The Challenge
- First edition
- Author: E. V. Timms
- Language: English
- Series: Great South Land Saga
- Publisher: Angus and Robertson
- Publication date: 1952
- Publication place: Australia
- Pages: 316pp
- Preceded by: The Valleys Beyond

= The Challenge (novel) =

1952 novel by E.V. Timms

The Challenge is a 1952 Australian novel by E. V. Timms. It was the fifth in his Great South Land Saga of novels.

It is set in Australia during the 1850s.

==Plot==
"On her deathbed, Susan Leigh's mother tells her a strange story, and gives her a strange task to carry out. As a result, Susan sets out to find her father, and justice. Background is Bass Strait, Melbourne, and the Victorian goldfields in the 1850s."

The Gubbys, Martha and Henry, make an appearance.

==Reception==
The Northern Standard said "The yarn is better than it sounds and should prove popular with those who like historical romance told with some gusto against an Australian background."

The Adelaide News said it had "Plenty of action and rich, ripe melodrama, but a very readable yarn, nevertheless."
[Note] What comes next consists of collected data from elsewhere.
(* For the empty word (k = 1) the closed form collapses, since
   (t+1) C(N, t+1) = (N - t) C(N, t), to C((m+1)n, n) / (mn + 1). *)
Lemma tree_count_empty m n :
  (m * n + 1) * tree_count m n 1 = 'C((m + 1) * n, n).
Proof.
case: n => [|t]; first by rewrite muln0 bin0.
have := tree_count_closed m t 1.
have -> : m * t.+1 + t + 1 = (m + 1) * t.+1 by lia.
have := mul_bin_left ((m + 1) * t.+1) t.
have -> : (m + 1) * t.+1 - t = m * t.+1 + 1 by lia.
rewrite binS.
nia.
Qed.

Lemma count_multiset n m x :
  count_mem x (multiset_nm n m) = m * (x \in iota 1 n).
Proof.
rewrite /multiset_nm count_flatten -map_comp -(count_uniq_mem x (iota_uniq 1 n)).
elim: (iota 1 n) => [|i l IH] /=; first by rewrite muln0.
by rewrite IH count_nseq mulnDr /= mulnC.
Qed.

Lemma size_multiset n m : size (multiset_nm n m) = n * m.
Proof.
rewrite /multiset_nm size_flatten /shape -map_comp -{2}(size_iota 1 n).
by elim: (iota 1 n) => //= i l ->; rewrite size_nseq mulSn.
Qed.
The Age said "the story moves swiftly. The chapters on the island are forceful, vivid and effective."

The Bulletin criticised "the artificial dialogue and cardboard characterisation" and "the mechanised devices by which Mr. Timms puts into the mouths of his characters long tracts of historical research."

==Radio adaptation==
The novel was adapted for radio in fifteen minute episodes in 1953, read by Lyndall Barbour.